Ok, this site is going dark… Well, it will still be here, but I’m not going to update this one any longer… all of my further OlDirtDog blog posts will be going to L337Inc.net. Please go there and enjoy. Thanks for any patronage you may have given me in the past… All three of you are very appreciated…
I recently found out that GoDaddy gives you free hosting when you purchase a domain through them. It’s very simplistic and has a pretty low limit, but I’m going to make use of it if I get it for free… I’m going to migrate this blog over to the one at L337Inc.net . It will still be the same content and the same backend. However, I have had that domain forever and just never did anything with it. Time to make use of it. I doubt anyone will be hurt by this move since nobody really looks here anyway. But just in case, please update your links….
Email yesterday was acting very strange. We could send to most domains, but others would not be delivered. It never gave us a return message for non-delivery or otherwise. For all standard purposes we were sending and assuming it was arriving. However, this was not true… some domains, particularly cardinalhealth.com and novellaclinical.com would not get messages sent from us… No error, no nothing… just no delivery… I ended up calling support with CardinalHealth and had them do some tests on their end to make sure nothing was being blocked, filtered, etc from our domain. The guy was actually very helpful considering he could have just told me to go away…
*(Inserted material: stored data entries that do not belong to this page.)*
(* occupation intervals (v, l, r): W occupies v during [l, r] *)
Fixpoint mid_intervals (W : seq transition) : seq (V * nat * nat) :=
  match W with
  | x :: ((y :: _) as W') => (ttgt x, ttime x, ttime y) :: mid_intervals W'
  | _ => [::]
  end.

Definition occ_intervals (W : seq transition) : seq (V * nat * nat) :=
  match W with
  | [::] => [::]
  | x :: _ => (tsrc x, ttime x, ttime x) :: mid_intervals W
              ++ [:: (ttgt (last x W), ttime (last x W), ttime (last x W))]
  end.

Definition temp_disjoint (W1 W2 : seq transition) : Prop :=
  forall v a b c d,
    (v, a, b) \in occ_intervals W1 -> (v, c, d) \in occ_intervals W2 ->
    ~ (maxn a c <= minn b d).

(* a solution for the multiset S (a list of source-sink pairs): one walk per
   pair (by position), pairwise temporally disjoint *)
Definition is_solution (T : nat) (E : nat -> {set {set V}})
  (S : seq (V * V)) (Ws : seq (seq transition)) : Prop :=
  [/\ size Ws = size S,
      (forall i (d : V * V), i < size S ->
         is_walk T E (nth d S i).1 (nth d S i).2 (nth [::] Ws i)) &
      forall i j, i < size S -> j < size S -> i <> j ->
         temp_disjoint (nth [::] Ws i) (nth [::] Ws j)].

Definition total_length (Ws : seq (seq transition)) : nat := sumn (map size Ws).

Definition n_backforth (W : seq transition) : nat :=
  match W with
  | [::] => 0
  | x :: _ =>
    count (fun j => [&& tsrc (nth x W j) == ttgt (nth x W j.+1),
                        ttgt (nth x W j) == tsrc (nth x W j.+1) &
                        ttime (nth x W j) < ttime (nth x W j.+1)])
          (iota 0 (size W).-1)
  end.

End TG.

From mathcomp Require Import all_boot zify.
From Stdlib Require Import Classical.

Set Implicit Arguments. Unset Strict Implicit. Unset Printing Implicit Defensive.

(* A back-and-forth (a,b,t),(b,a,t') can be cut out of a walk, which then simply
   waits at a from before t until after t'.  This keeps the solution temporally
   disjoint unless another walk visits a during an interval nested strictly inside
   (t,t'); so in a length-minimal solution every back-and-forth is blocked by such a
   visit.  The blocking walk cannot be at b during [t,t'], so on a line it enters and
   leaves a through the other neighbour of a: it makes a back-and-forth in a strictly
   shorter window, unless the visit is its start or its end.  By induction on the
   window length, the window (t,t') of every back-and-forth contains the start or end
   time of some walk.  Windows of distinct back-and-forths of one walk are disjoint,
   and there are at most 2|S| start and end times. *)

Section Walks.
Variable V : finType.
Implicit Types (W : seq (transition V)) (v : V) (l r : nat).
Variable x0 : transition V.

Lemma chainP W :
  chain W <-> forall i, i.+1 < size W ->
    ttgt (nth x0 W i) = tsrc (nth x0 W i.+1) /\ ttime (nth x0 W i) < ttime (nth x0 W i.+1).
Proof.
elim: W => [|x [|y W] IH] //=.
split=> [[xy [lt_xy /IH hW]] [|i] //= /hW//|hW].
by have [] := hW 0 erefl; split=> //; split=> //; apply/IH => i /(hW i.+1).
Qed.

Lemma mid_intervalsP W v l r :
  (v, l, r) \in mid_intervals W <->
  exists2 i, i.+1 < size W &
    [/\ v = ttgt (nth x0 W i), l = ttime (nth x0 W i) & r = ttime (nth x0 W i.+1)].
Proof.
elim: W => [|x [|y W] IH] /=; [by split=> // -[]|by split=> // -[]|].
rewrite in_cons; split=> [/orP[/eqP[-> -> ->]|/IH[i]]|[[|i]]]; first by exists 0.
- by exists i.+1.
- by move=> _ [-> -> ->]; rewrite eqxx.
- by move=> ? ?; apply/orP; right; apply/IH; exists i.
Qed.

Lemma occ_intervalsP W v l r :
  (v, l, r) \in occ_intervals W <-> 0 < size W /\
  [\/ v = tsrc (nth x0 W 0) /\ l = ttime (nth x0 W 0) /\ r = l,
      exists2 i, i.+1 < size W &
        [/\ v = ttgt (nth x0 W i), l = ttime (nth x0 W i) & r = ttime (nth x0 W i.+1)]
    | v = ttgt (nth x0 W (size W).-1) /\ l = ttime (nth x0 W (size W).-1) /\ r = l].
Proof.
case: W => [|x W]; first by split=> // -[].
rewrite [occ_intervals _]/= nth_last in_cons mem_cat mem_seq1; split.
- case/or3P=> [/eqP[-> -> ->]|hmid|/eqP[-> -> ->]]; split=> //.
  + by apply: Or31.
  + by apply: Or32; apply/mid_intervalsP.
  + by apply: Or33.
- case=> _ [[-> [-> ->]]|hmid|[-> [-> ->]]]; rewrite ?eqxx ?orbT //.
  by move/mid_intervalsP: hmid => ->; rewrite orbT.
Qed.

Lemma occ_first W : 0 < size W ->
  (tsrc (nth x0 W 0), ttime (nth x0 W 0), ttime (nth x0 W 0)) \in occ_intervals W.
Proof. by move=> W_gt0; apply/occ_intervalsP; split=> //; apply: Or31. Qed.

Lemma occ_mid W i : i.+1 < size W ->
  (ttgt (nth x0 W i), ttime (nth x0 W i), ttime (nth x0 W i.+1)) \in occ_intervals W.
Proof. by move=> iW; apply/occ_intervalsP; split; [lia|apply: Or32; exists i]. Qed.

Lemma occ_last W : 0 < size W ->
  (ttgt (nth x0 W (size W).-1), ttime (nth x0 W (size W).-1),
   ttime (nth x0 W (size W).-1)) \in occ_intervals W.
Proof. by move=> W_gt0; apply/occ_intervalsP; split=> //; apply: Or33. Qed.

Lemma walkP T E s z W : 0 < size W ->
  is_walk T E s z W <->
  [/\ tsrc (nth x0 W 0) = s, ttgt (nth x0 W (size W).-1) = z, chain W &
      {in W, forall y, edge_at T E (tsrc y) (ttgt y) (ttime y)}].
Proof. by case: W => // x W _; rewrite nth_last; split=> -[]. Qed.

Lemma walk_chain T E s z W : is_walk T E s z W -> chain W.
Proof. by case: W => // x W []. Qed.

Lemma walk_edge T E s z W i : is_walk T E s z W -> i < size W ->
  edge_at T E (tsrc (nth x0 W i)) (ttgt (nth x0 W i)) (ttime (nth x0 W i)).
Proof. by case: W => // x W [_ _ _ hE] iW; apply/hE/mem_nth. Qed.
Once I was satisfied that it wasn’t just a setting on the recipient side, I began testing for spam blacklists and other issues with the outside DNS. This is what I would have bet was the issue as some people received mail from us fine yet others did not. Normally this means we are on a blacklist that some peopIe subscribe to but others do not. However, we were on none. MXToolbox.com has some nice utilities and I ran a spam test from them. Nothing glaring was reported. Time to look at our own stuff then. In the interim, I began sending all of our mail through the smart host with HTC. This basically makes it so that all our mail, no matter what the address, appears to go through sccoast.net, which we can safely assume is not on any blacklists and has their domain in correct, working order. Normally, this will fix any outgoing email oddities. HTC doesn’t like to have us use this for any extended period as then they become the target of hackers and spammers instead of our servers. For now, though, it works and we can send to all the domains we need to.
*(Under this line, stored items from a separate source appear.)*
(* The disease-free equilibrium $E_0=\left(\frac{\Lambda}{\lambda},\frac{r\Lambda}{\mu\lambda},0,0\right)$ of the model is unstable if $\mathcal{R}_0>1$ and locally asymptotically stable if $\mathcal{R}_0<1$.
   Context: The model is $\dot S=\Lambda-F_1(S,I_1)-F_2(S,I_2)-\lambda S$, $\dot V_1=rS-(\mu+kI_2)V_1$, $\dot I_1=F_1(S,I_1)-\alpha_1I_1$, $\dot I_2=F_2(S,I_2)+kI_2V_1-\alpha_2I_2$ on $\mathbb{R}^4_+$. The constants $\Lambda,\mu,r,k,\gamma_1,\gamma_2>0$ and $v_1,v_2\ge0$; $\lambda=r+\mu$ and $\alpha_i=\gamma_i+v_i+\mu$. For $i=1,2$ the incidence functions satisfy: - (H1) $F_i(S,I_i)=I_if_i(S,I_i)$ with $F_i,f_i\in C^2(\mathbb{R}^2_+,\mathbb{R}_+)$ and $F_i(0,I_i)=F_i(S,0)=0$; - (H2) $\partial f_i/\partial S>0$ and $\partial f_i/\partial I_i\le0$; - (H3) $\lim_{I_i\to0^+}F_i(S,I_i)/I_i$ exists and is positive for $S>0$. Let $S^0=\Lambda/\lambda$ and $\sigma_i=\frac{\partial F_i}{\partial I_i}(S^0,0)$. Set $\mathcal{R}_1=\sigma_1/\alpha_1$, $\mathcal{R}_2=\sigma_2/\alpha_2+\frac{kr\Lambda}{\alpha_2\mu\lambda}$ and $\mathcal{R}_0=\max\{\mathcal{R}_1,\mathcal{R}_2\}$. *)

From Stdlib Require Import Reals.
From Coquelicot Require Import Coquelicot.
Open Scope R_scope.

Definition dS (g : R -> R -> R) (s i : R) : R := Derive (fun s' => g s' i) s.
Definition dI (g : R -> R -> R) (s i : R) : R := Derive (fun i' => g s i') i.

Definition C1_2d (g : R -> R -> R) : Prop :=
  forall s i : R,
    ex_derive (fun s' => g s' i) s /\ ex_derive (fun i' => g s i') i /\
    continuous (fun p : R * R => g (fst p) (snd p)) (s, i) /\
    continuous (fun p : R * R => dS g (fst p) (snd p)) (s, i) /\
    continuous (fun p : R * R => dI g (fst p) (snd p)) (s, i).

Definition C2_2d (g : R -> R -> R) : Prop :=
  C1_2d g /\ C1_2d (dS g) /\ C1_2d (dI g).

(** Hypotheses (H1)-(H3) on an incidence function F = I f, stated on the
    closed quadrant R^2_+ (F, f are given as C^2 functions on R^2 whose
    restrictions to R^2_+ are the incidence functions). *)
Definition incidence_hyp (F f : R -> R -> R) : Prop :=
  C2_2d F /\ C2_2d f /\
  (forall s i, 0 <= s -> 0 <= i -> F s i = i * f s i) /\
  (forall s i, 0 <= s -> 0 <= i -> 0 <= F s i /\ 0 <= f s i) /\
  (forall i, 0 <= i -> F 0 i = 0) /\
  (forall s, 0 <= s -> F s 0 = 0) /\
  (forall s i, 0 <= s -> 0 <= i -> dS f s i > 0 /\ dI f s i <= 0) /\
  (forall s, 0 < s ->
     exists L, 0 < L /\ filterlim (fun i => F s i / i) (at_right 0) (locally L)).

Definition lam (r mu : R) : R := r + mu.
Definition alpha (gam v mu : R) : R := gam + v + mu.
Definition S0 (Lam r mu : R) : R := Lam / lam r mu.

Definition E0_S (Lam r mu : R) : R := Lam / lam r mu.
Definition E0_V (Lam r mu : R) : R := r * Lam / (mu * lam r mu).

Definition sigma (F : R -> R -> R) (Lam r mu : R) : R := dI F (S0 Lam r mu) 0.
Definition calR1 (F1 : R -> R -> R) (Lam mu r gam1 v1 : R) : R :=
  sigma F1 Lam r mu / alpha gam1 v1 mu.
Definition calR2 (F2 : R -> R -> R) (Lam mu r k gam2 v2 : R) : R :=
  sigma F2 Lam r mu / alpha gam2 v2 mu
  + k * r * Lam / (alpha gam2 v2 mu * mu * lam r mu).
Definition calR0 (F1 F2 : R -> R -> R) (Lam mu r k gam1 gam2 v1 v2 : R) : R :=
  Rmax (calR1 F1 Lam mu r gam1 v1) (calR2 F2 Lam mu r k gam2 v2).

Definition is_solution (F1 F2 : R -> R -> R) (Lam mu r k gam1 gam2 v1 v2 : R)
    (S V I1 I2 : R -> R) : Prop :=
  (forall t, 0 <= t -> 0 <= S t /\ 0 <= V t /\ 0 <= I1 t /\ 0 <= I2 t) /\
  filterlim S (at_right 0) (locally (S 0)) /\
  filterlim V (at_right 0) (locally (V 0)) /\
  filterlim I1 (at_right 0) (locally (I1 0)) /\
  filterlim I2 (at_right 0) (locally (I2 0)) /\
  (forall t, 0 < t ->
     is_derive S t (Lam - F1 (S t) (I1 t) - F2 (S t) (I2 t) - lam r mu * S t) /\
     is_derive V t (r * S t - (mu + k * I2 t) * V t) /\
     is_derive I1 t (F1 (S t) (I1 t) - alpha gam1 v1 mu * I1 t) /\
     is_derive I2 t (F2 (S t) (I2 t) + k * I2 t * V t - alpha gam2 v2 mu * I2 t)).

Definition dist4 (a1 a2 a3 a4 b1 b2 b3 b4 : R) : R :=
  sqrt ((a1 - b1) ^ 2 + (a2 - b2) ^ 2 + (a3 - b3) ^ 2 + (a4 - b4) ^ 2).

Definition E0_stable (F1 F2 : R -> R -> R) (Lam mu r k gam1 gam2 v1 v2 : R) : Prop :=
  forall eps, 0 < eps -> exists delta, 0 < delta /\
    forall S V I1 I2,
      is_solution F1 F2 Lam mu r k gam1 gam2 v1 v2 S V I1 I2 ->
      dist4 (S 0) (V 0) (I1 0) (I2 0) (E0_S Lam r mu) (E0_V Lam r mu) 0 0 < delta ->
      forall t, 0 <= t ->
        dist4 (S t) (V t) (I1 t) (I2 t) (E0_S Lam r mu) (E0_V Lam r mu) 0 0 < eps.

Definition E0_attractive (F1 F2 : R -> R -> R) (Lam mu r k gam1 gam2 v1 v2 : R) : Prop :=
  exists eta, 0 < eta /\
    forall S V I1 I2,
      is_solution F1 F2 Lam mu r k gam1 gam2 v1 v2 S V I1 I2 ->
      dist4 (S 0) (V 0) (I1 0) (I2 0) (E0_S Lam r mu) (E0_V Lam r mu) 0 0 < eta ->
      filterlim (fun t => dist4 (S t) (V t) (I1 t) (I2 t)
                            (E0_S Lam r mu) (E0_V Lam r mu) 0 0)
                (Rbar_locally p_infty) (locally 0).

Definition E0_LAS (F1 F2 : R -> R -> R) (Lam mu r k gam1 gam2 v1 v2 : R) : Prop :=
  E0_stable F1 F2 Lam mu r k gam1 gam2 v1 v2 /\
  E0_attractive F1 F2 Lam mu r k gam1 gam2 v1 v2.

Definition E0_unstable (F1 F2 : R -> R -> R) (Lam mu r k gam1 gam2 v1 v2 : R) : Prop :=
  ~ E0_stable F1 F2 Lam mu r k gam1 gam2 v1 v2.

(* If f1(S0,0) > alpha1 (resp. f2(S0,0) + k V0 > alpha2), then near E0 the class I1
   (resp. I2) satisfies I' >= c I for some c > 0, so a solution starting at (S0, V0, rho, 0)
   (resp. (S0, V0, 0, rho)) grows at least like rho e^{ct} for as long as it stays near E0, which
   rules out Lyapunov stability.  Such solutions exist: Picard iteration solves the system with its
   field clamped to a box, and the clamp is never active because R^4_+ and the region
   S + V + I1 + I2 <= Lam/mu + 1 are invariant.  If both inequalities are reversed, every solution starting delta-close to E0 keeps
   S <= S0 + delta and V <= V0 + 3 delta, hence by the monotonicity (H2) of f_i the classes I1, I2
   decay like e^{-ct}; comparison for the linear equations of S and V forced by these terms gives
   |x(t) - E0| <= M |x(0) - E0| e^{-ct}.
   Since sigma_i = f_i(S0, 0) by (H1), the two inequalities read R1 > 1 and R2 > 1. *)

From Pilot Require Import Defs.
From Stdlib Require Import Reals Lra Psatz Lia Classical ClassicalEpsilon.
From Coquelicot Require Import Coquelicot.
Open Scope R_scope.

(** * Differential inequalities on the half-line *)

Lemma continuous_R_eps (f : R -> R) x :
  continuous f x <->
  forall e, 0 < e -> exists d, 0 < d /\ forall y, Rabs (y - x) < d -> Rabs (f y - f x) < e.
Proof.
  split.
  - intros H e He.
    destruct (proj1 (filterlim_locally f (f x)) H (mkposreal e He)) as [d Hd].
    exists d. split; [apply cond_pos | intros y Hy; exact (Hd y Hy)].
  - intros H. apply filterlim_locally. intros e.
    destruct (H e (cond_pos e)) as [d [Hd Hy]].
    exists (mkposreal d Hd). intros y Hb. exact (Hy y Hb).
Qed.

Lemma continuous_at_right (f : R -> R) x :
  continuous f x -> filterlim f (at_right x) (locally (f x)).
Proof. intros H. exact (filterlim_filter_le_1 f (filter_le_within _) H). Qed.

Lemma continuous_Rplus (f g : R -> R) x :
  continuous f x -> continuous g x -> continuous (fun t => f t + g t) x.
Proof. apply (continuous_plus (V := R_NormedModule)). Qed.

Lemma is_derive_Rplus (f g : R -> R) x df dg :
  is_derive f x df -> is_derive g x dg -> is_derive (fun t => f t + g t) x (df + dg).
Proof. intros Hf Hg. exact (is_derive_plus f g x df dg Hf Hg). Qed.

Lemma is_derive_sub_const (x : R -> R) m t l : is_derive x t l -> is_derive (fun t => x t - m) t l.
Proof.
  intros Hx. replace l with (l - 0) by ring.
  apply (is_derive_minus x (fun _ => m)); [exact Hx | apply (is_derive_const (V := R_NormedModule))].
Qed.

Lemma filterlim_Rplus {F : (R -> Prop) -> Prop} {FF : Filter F} (f g : R -> R) a b :
  filterlim f F (locally a) -> filterlim g F (locally b) ->
  filterlim (fun t => f t + g t) F (locally (a + b)).
Proof.
  intros Hf Hg. eapply filterlim_comp_2; [exact Hf | exact Hg |].
  exact (filterlim_plus (K := R_AbsRing) (V := R_NormedModule) a b).
Qed.

Lemma filterlim_Rmult {F : (R -> Prop) -> Prop} {FF : Filter F} (f g : R -> R) a b :
  filterlim f F (locally a) -> filterlim g F (locally b) ->
  filterlim (fun t => f t * g t) F (locally (a * b)).
Proof.
  intros Hf Hg. eapply filterlim_comp_2; [exact Hf | exact Hg |].
  exact (filterlim_mult (K := R_AbsRing) a b).
Qed.

Lemma filterlim_at_right_sub_const (x : R -> R) m :
  filterlim x (at_right 0) (locally (x 0)) -> filterlim (fun t => x t - m) (at_right 0) (locally (x 0 - m)).
Proof. intros Hx. apply filterlim_Rplus; [exact Hx | apply filterlim_const]. Qed.

Lemma le_at_right_limit (w : R -> R) t :
  0 < t -> filterlim w (at_right 0) (locally (w 0)) ->
  (forall s, 0 < s <= t -> w s <= w t) -> w 0 <= w t.
Proof.
  intros Ht Hw Hle.
  apply (filterlim_le (F := at_right 0) w (fun _ => w t) (w 0) (w t)); trivial.
  - exists (mkposreal t Ht). intros s Hs Hs0. apply Hle. split; trivial.
    change (Rabs (s - 0) < t) in Hs. apply Rabs_lt_between in Hs. lra.
  - apply filterlim_const.
Qed.

Lemma le_of_derive_nonneg (f df : R -> R) a b : a <= b ->
  (forall x, a < x < b -> is_derive f x (df x)) ->
  (forall x, a <= x <= b -> continuous f x) ->
  (forall x, a < x < b -> 0 <= df x) -> f a <= f b.
Proof.
  intros Hab Hd Hc Hp.
  destruct (Req_dec a b) as [<- | Hne]; [lra |].
  assert (Hder : forall x, a < x < b -> derivable_pt f x).
  { intros x Hx. exists (df x). apply is_derive_Reals, Hd, Hx. }
  destruct (MVT f id a b Hder (fun x _ => derivable_pt_id x)) as [c [Hcab Heq]];
    [lra | intros x Hx; apply continuity_pt_filterlim, Hc, Hx
    | intros x _; apply derivable_continuous_pt, derivable_pt_id |].
  rewrite derive_pt_id in Heq. unfold id in Heq.
  rewrite (derive_pt_eq_0 _ _ _ _ (proj1 (is_derive_Reals _ _ _) (Hd c Hcab))) in Heq.
  specialize (Hp c Hcab). nra.
Qed.

Lemma le_of_derive_nonneg_closed (f df : R -> R) a b : a <= b ->
  (forall x, a <= x <= b -> is_derive f x (df x)) ->
  (forall x, a <= x <= b -> 0 <= df x) -> f a <= f b.
Proof.
  intros Hab Hd Hp. apply (le_of_derive_nonneg f df a b Hab).
  - intros x Hx. apply Hd. lra.
  - intros x Hx. apply (ex_derive_continuous (V := R_NormedModule)). exists (df x). apply Hd, Hx.
  - intros x Hx. apply Hp. lra.
Qed.

Lemma nonneg_invariant (u du : R -> R) eps : 0 < eps ->
  (forall t, continuous u t) -> (forall t, 0 < t -> is_derive u t (du t)) -> 0 <= u 0 ->
  (forall t, 0 < t -> - eps < u t < 0 -> 0 <= du t) -> forall t, 0 <= t -> 0 <= u t.
Proof.
  intros He Hc Hd H0 Hb t1 Ht1. apply Rnot_lt_le. intros Hneg.
  (* Look at the last time [s0 <= t1] at which [u] is nonnegative. *)
  assert (Ht1p : 0 < t1) by (destruct (Req_dec t1 0) as [-> |]; lra).
  set (E := fun s => 0 <= s <= t1 /\ 0 <= u s).
  assert (HbE : bound E) by (exists t1; intros s [Hs _]; lra).
  destruct (completeness E HbE (ex_intro _ 0 (conj (conj (Rle_refl 0) (Rlt_le _ _ Ht1p)) H0)))
    as [s0 [Hub Hlub]].
  assert (Hs0 : 0 <= s0 <= t1).
  { split; [apply Hub; split; [lra | exact H0] | apply Hlub; intros s [Hs _]; lra]. }
  assert (Hneg_after : forall s, s0 < s <= t1 -> u s < 0).
  { intros s Hs. apply Rnot_le_lt. intros Hpos.
    assert (s <= s0) by (apply Hub; split; [lra | exact Hpos]). lra. }
  assert (Hu0 : 0 <= u s0).
  { apply Rnot_lt_le. intros Hlt.
    destruct (proj1 (continuous_R_eps u s0) (Hc s0) (- u s0) ltac:(lra)) as [d [Hdp Hdd]].
    assert (s0 <= s0 - d / 2); [| lra].
    apply Hlub. intros s [Hs Hus]. apply Rnot_lt_le. intros Hlt2.
    assert (s <= s0) by (apply Hub; split; trivial).
    assert (Hclose : Rabs (s - s0) < d) by (rewrite Rabs_left1; lra).
    specialize (Hdd s Hclose). apply Rabs_lt_between in Hdd. lra. }
  assert (Hlt1 : s0 < t1) by (destruct (Req_dec s0 t1) as [-> |]; lra).
  destruct (proj1 (continuous_R_eps u s0) (Hc s0) eps He) as [d [Hdp Hdd]].
  set (t2 := Rmin t1 (s0 + d / 2)).
  assert (Ht2 : s0 < t2 <= t1 /\ t2 <= s0 + d / 2).
  { unfold t2. split; [split; [apply Rmin_glb_lt; lra | apply Rmin_l] | apply Rmin_r]. }
  assert (u s0 <= u t2); [| specialize (Hneg_after t2); lra].
  apply (le_of_derive_nonneg u du s0 t2); [lra | intros x Hx; apply Hd; lra | intros x _; apply Hc |].
  intros x Hx. apply Hb; [lra | split; [| apply Hneg_after; lra]].
  assert (Hclose : Rabs (x - s0) < d) by (rewrite Rabs_pos_eq; lra).
  specialize (Hdd x Hclose). apply Rabs_lt_between in Hdd. lra.
Qed.

Lemma exp_decay_antitone a b t : a <= b -> 0 <= t -> exp (- b * t) <= exp (- a * t).
Proof.
  intros Hab Ht. destruct (Req_dec (- b * t) (- a * t)) as [E | E]; [rewrite E; lra |].
  left. apply exp_increasing. nra.
Qed.

Lemma exp_decay_le_1 a t : 0 <= a -> 0 <= t -> exp (- a * t) <= 1.
Proof.
  intros Ha Ht. pose proof (exp_decay_antitone 0 a t Ha Ht) as H.
  replace (- 0 * t) with 0 in H by ring. rewrite exp_0 in H. exact H.
Qed.

Lemma exp_decay_eventually_lt C c eps : 0 < c -> 0 < eps ->
  exists T, forall t, T < t -> C * exp (- c * t) < eps.
Proof.
  intros Hc He. exists (Rabs C / (c * eps)). intros t Ht.
  assert (HT : 0 <= Rabs C / (c * eps)) by (apply Rdiv_le_0_compat; [apply Rabs_pos | nra]).
  assert (Hct : Rabs C < c * t * eps).
  { apply (Rmult_lt_compat_r (c * eps)) in Ht; [| nra].
    unfold Rdiv in Ht. rewrite Rmult_assoc, Rinv_l, Rmult_1_r in Ht by nra. lra. }
  assert (Hinv : exp (- c * t) * exp (c * t) = 1).
  { rewrite <- exp_plus. replace (- c * t + c * t) with 0 by ring. apply exp_0. }
  pose proof (exp_ineq1_le (c * t)). pose proof (exp_pos (- c * t)) as He_pos.
  assert (Hsmall : c * t * exp (- c * t) < 1) by nra.
  apply Rle_lt_trans with (Rabs C * exp (- c * t)); [apply Rmult_le_compat_r; [lra | apply Rle_abs] |].
  apply Rlt_le_trans with (c * t * eps * exp (- c * t)); [apply Rmult_lt_compat_r; lra |].
  replace (c * t * eps * exp (- c * t)) with (eps * (c * t * exp (- c * t))) by ring. nra.
Qed.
I removed the Sonicwall Email Security appliance from the outgoing path and checked the queues when sending to one of the domains in question. I watched the server happily send to gmail.com, aol.com, and many others, but my email test to cardinalhealth.com would fail and sit on retry. The error was “SMTP protocol error occurred”. While generic, this actually points to a connectivity issue between servers. Basically, what our server is telling their server does not match what their server requires for a proper, secure connection. This can happen for many reasons, but it usually points to an open relay (sending through another server without authentication) or an improperly set DNS or rDNS (reverse DNS) entry. The SMTP test on MXToolbox showed that our SMTP server header did not match the reverse DNS records. It matched on the numbers, but not on the names.
The problem with our email setup is that we have many domains coming into a single server (except CUC) and no defined default email address for outgoing. Some people use gsuro.com, some use grandstrandurology.com, and others still use the atlanticurologyclinics.com addresses… Each of these domains have A and MX records set on GoDaddy to point them back to our external IP through HTC. No matter what address is used to send, it all goes out and back in to the same IP at the head of our network. Normally, this would be exactly what one would expect. However, our internal DNS also is the same as an external DNS entry (gsuro.com).
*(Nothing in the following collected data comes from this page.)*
Lemma q_comp_low M (y : 'I_k -> C) (s : 'I_M -> C) :
  q M (q k a y) s = q k a (fun i => q M (y i) s).
Proof.
case: (ltnP M k) => [lt_Mk|le_kM].
- rewrite (q_pad _ _ (ltnW lt_Mk)) q_comp; congr (q k a _).
  by apply: functional_extensionality => i; rewrite (q_pad _ _ (ltnW lt_Mk)).
- rewrite (q_pad _ _ le_kM) q_comp (q_pad _ _ le_kM); apply: q_agree => i lt_ik.
  by rewrite !pad_extend_vec !(extend_vec_lt _ _ lt_ik).
Qed.

End LowDimension.

Lemma finite_dimensional_bound : finite_dimensional q e ->
  exists N : C -> nat, forall a n, N a < n -> indep_of q e a n.
Proof.
move=> C_fd; have /choice [N N_bound] := C_fd.
exists N => a n lt_n; apply: NNPP => dep_n.
by have := N_bound a n (leq_ltn_trans (leq0n _) lt_n) dep_n; rewrite leqNgt lt_n.
Qed.

Section ElementTerms.
Variable N : C -> nat.
Hypothesis N_dim : forall a n, N a < n -> indep_of q e a n.

Fixpoint eval (t : term N) : C :=
  match t with
  | Var n => e n.+1
  | App a ts => q (N a) a (fun i => eval (ts i))
  end.

Definition elem_term (a : C) : term N := App a (fun i : 'I_(N a) => Var i).

Lemma eval_elem_term a : eval (elem_term a) = a.
Proof. exact: q_e_id. Qed.

Lemma var_bound_elem_term a : var_bound (elem_term a) <= N a.
Proof. by apply/bigmax_leqP. Qed.

Lemma eval_subst (t : term N) M sg : var_bound t <= M ->
  eval (subst sg t) = q M (eval t) (fun i : 'I_M => eval (sg i)).
Proof.
elim: t sg => [n|a ts IH] sg /= le_tM; first by rewrite (q_e_proj (Ordinal le_tM)).
rewrite (q_comp_low (@N_dim a)); congr (q _ a _); apply: functional_extensionality => i.
by apply: IH; apply: leq_trans (var_bound_App ts i) le_tM.
Qed.

Lemma eval_vsubst_elem_term n x (z : 'I_n -> C) :
  eval (subst (vsubst (fun i => elem_term (z i))) (elem_term x)) = q n x z.
Proof.
have le_x := leq_trans (var_bound_elem_term x) (leq_maxr n (N x)).
rewrite (eval_subst _ le_x) (q_pad _ _ (leq_maxl n (N x))) eval_elem_term.
congr (q _ x _); apply: functional_extensionality => i; rewrite pad_extend_vec /vsubst.
case: (ltnP i n) => [lt_in|le_ni]; last by rewrite !extend_vec_ge.
by rewrite !(extend_vec_lt _ _ lt_in) eval_elem_term.
Qed.

Definition eval_rel (R : C -> C -> Prop) : term N -> term N -> Prop :=
  fun t u => R (eval t) (eval u).

Definition elem_rel (E : term N -> term N -> Prop) : C -> C -> Prop :=
  fun a b => E (elem_term a) (elem_term b).

Lemma eval_rel_theory R : is_congruence op q R -> equational_theory (eval_rel R).
Proof.
case=> Rrefl Rsym Rtrans _ Rq; split; rewrite /eval_rel //.
- by move=> ? ?; apply: Rsym.
- by move=> ? ? ?; apply: Rtrans.
- by move=> a ts us Rtus /=; apply: Rq.
move=> sg t u Rtu; pose M := maxn (var_bound t) (var_bound u).
rewrite (eval_subst _ (leq_maxl _ _ : _ <= M)) (eval_subst _ (leq_maxr _ _ : _ <= M)).
exact: Rq.
Qed.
The problem with this lies in reverse DNS. Remote servers will often check to make sure that the DNS entry for the sending server’s domain matches the IP that the ISP is providing using reverse DNS. This uses the SMTP header which is the only thing that cannot be spoofed in mail. The IP address is tagged in the message header when it is sent and cannot be changed as the protocol itself is what makes the tag. This IP address must match the domain that is returned with a reverse DNS call. In other words, when we send as email@example.com to firstname.lastname@example.org the server at outsidedomain.com will then check the IP address in the message header and make sure it translates back to grandstrandurology.com … If it comes back to atlanticurologyclinics.com, you probably have an open relay or incorrectly configured DNS / Exchange server. Pretty easy to fix but it also blocks a lot of spammers and spoofers with this technique. It has become the industry standard to have a matching rDNS entry for any email domain.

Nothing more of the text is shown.